Kategoria e Parë
- Season: 2018–19
- Champions: Bylis 4th title
- Promoted: Bylis Vllaznia
- Relegated: Tomori Vora
- Matches: 245
- Goals: 591 (2.41 per match)
- Biggest home win: Erzeni 5−0 Shënkolli (3 November 2018)
- Biggest away win: Vora 1−6 Vllaznia (16 February 2019)
- Highest scoring: Burreli 5−2 Veleçiku (16 February 2019) Bylis 5−2 Egnatia (30 March 2019) Oriku 4−3 Egnatia (18 May 2019) Vora 1−6 Vllaznia (16 February 2019)
- Longest winning run: 14 matches Bylis
- Longest unbeaten run: 23 matches Bylis
- Longest winless run: 11 matches Erzeni Tomori
- Longest losing run: 7 matches Turbina

= 2018–19 Kategoria e Parë =

The 2018–19 Kategoria e Parë was the 71st official season of the Albanian football second division since its establishment. The season began on 9 September 2018 and ended on 25 May 2019. There were 20 teams competing this season, split in 2 groups, each with 10 teams. The top 5 teams from each group qualified to the promotion round, while the last teams qualified to the relegation round.
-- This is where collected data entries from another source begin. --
(* (Sufficiency) Let $f(\underline{X})=\sum_{\ell=1}^{L}\prod_{i=1}^{n} f_i^{(\ell)}(X_i)$ with arbitrary real functions $f_i^{(\ell)}$. If for every $i\in[n]$ and $\ell\in[L]$ the encoding of source $i$ perfectly secures $f_i^{(\ell)}(X_i)$, i.e. $\mathbb{E}[f_i^{(\ell)}(X_i)\mid g_i(X_i,K_i)]=\mathbb{E}[f_i^{(\ell)}(X_i)]$ for every observed value, then $f(\underline{X})$ is perfectly secured, i.e. $\mathbb{E}[f(\underline{X})\mid g(\underline{X})]=\mathbb{E}[f(\underline{X})]$ for every observed value. (Necessity) Suppose either (1) $f(\underline{X})=\sum_{i=1}^n f_i(X_i)$, or (2) $f(\underline{X})=\prod_{i=1}^n f_i(X_i)$ with $\prod_{i=1}^n\mathbb{E}[f_i(X_i)]\cdot\mathrm{var}[f_i(X_i)]\neq 0$. Then for any encoding scheme under which the receiver computes $f(\underline{X})$ exactly and $f(\underline{X})$ is perfectly secured, each $f_i(X_i)$ is recoverable by the receiver from $g_i(X_i,K_i)$ and $K_i$, and each $f_i(X_i)$ is perfectly secured, i.e. $\mathbb{E}[f_i(X_i)\mid g_i(X_i,K_i)]=\mathbb{E}[f_i(X_i)]$ for every observed value.
   Context: Multi-source setting: $n$ sources; source $i$ produces $X_i$ from a finite alphabet $\mathcal{X}_i$, with $X_1,\dots,X_n$ mutually independent. Source $i$ shares a key $K_i$ uniform on $\{1,\dots,2^{k_i}\}$ with the receiver only; keys are independent of each other and of the sources. Source $i$ transmits $g_i(X_i,K_i)$, where for each key value the map $x\mapsto g_i(x,K_i)$ is such that the receiver (knowing all keys) can compute the desired function $f:\prod_i\mathcal{X}_i\to\mathbb{R}$ exactly. The eavesdropper observes $g(\underline{X})=(g_1(X_1,K_1),\dots,g_n(X_n,K_n))$ but no keys. Her distortion is $D_{ach}=\min_{\hat f}\mathbb{E}[(f(\underline{X})-\hat f(g(\underline{X})))^2]$ over all estimators $\hat f$, and $D_{max}=\mathrm{var}(f(\underline{X}))$. A real function $h$ of the sources is called perfectly secured if the eavesdropper's minimum mean squared error for estimating $h$ from her observation equals $\mathrm{var}(h)$, equivalently $\mathbb{E}[h\mid \text{observation}]=\mathbb{E}[h]$ for every observed value. *)

From HB Require Import structures.
From mathcomp Require Import all_boot all_order all_algebra.
Set Implicit Arguments. Unset Strict Implicit. Unset Printing Implicit Defensive.
Import Order.TTheory GRing.Theory Num.Theory.
Local Open Scope ring_scope.

Definition is_dist (R : numDomainType) (T : finType) (p : T -> R) : Prop :=
  (forall x, 0 <= p x) /\ \sum_x p x = 1.

Definition expect (R : numDomainType) (T : finType) (P : T -> R) (h : T -> R) : R :=
  \sum_w P w * h w.
Lemma affine_along_coord k : (k < N)%N -> affine_along p (fun m => lam m k).
Proof.
move=> kN j n w g w_sum pj.
have := affine_coords_comb (fun i => lamP (g i)) w_sum; rewrite -pj.
by move=> /(affine_coords_unique (lamP j)); apply.
Qed.

Lemma sub_coords i j : p j - p i = \sum_(k < N) (lam j k - lam i k) *: p k.
Proof.
have [_ _ {1}->] := lamP j; have [_ _ {1}->] := lamP i.
by rewrite -sumrB; apply: eq_bigr => k _; rewrite scalerBl.
Qed.

Definition minor i j k (u v : 'I_N) :=
  (lam j u - lam i u) * (lam k v - lam i v) - (lam j v - lam i v) * (lam k u - lam i u).

Hypothesis p_inj : injective p.
Hypothesis no_three : forall i j k, (i < j < k)%N -> ~ on_line (p i) (p j) (p k).

Lemma minor_neq0 i j k : (i < j < k)%N -> exists u v, minor i j k u v != 0.
Proof.
move=> ijk; apply: contrapT => all0.
have minor0 u v : minor i j k u v = 0.
  by apply/eqP; apply: contrapT => /negP nz; apply: all0; exists u, v.
have [[u uij]|] := pselect (exists u : 'I_N, lam j u - lam i u != 0).
  apply: (no_three ijk); exists ((lam k u - lam i u) / (lam j u - lam i u)).
  apply/eqP; rewrite addrC -subr_eq sub_coords sub_coords scaler_sumr; apply/eqP.
  apply: eq_bigr => l _; rewrite scalerA; congr (_ *: _).
  have /eqP := minor0 u l; rewrite /minor subr_eq0 => /eqP e.
  by apply: (mulfI uij); rewrite mulrA mulrCA mulfV // mulr1 e mulrC.
move=> no_u; move: ijk => /andP[+ _]; rewrite ltn_neqAle => /andP[/eqP ij _].
apply/ij/esym/p_inj/eqP; rewrite -subr_eq0 sub_coords big1 // => l _.
have /eqP -> : lam j l - lam i l == 0.
  by apply: contrapT => /negP nz; apply: no_u; exists l.
by rewrite scale0r.
Qed.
The 2 winners of the qualification round gained promotion to the 2019–20 Kategoria Superiore, and played the division's final against each other. Bylis and Vllaznia were promoted to the 2019–20 Kategoria Superiore. Tomori and Vora were relegated to the 2019−20 Kategoria e Dytë. Bylis won their fourth Kategoria e Parë title on 23 May 2019 after beating Vllaznia in the final match.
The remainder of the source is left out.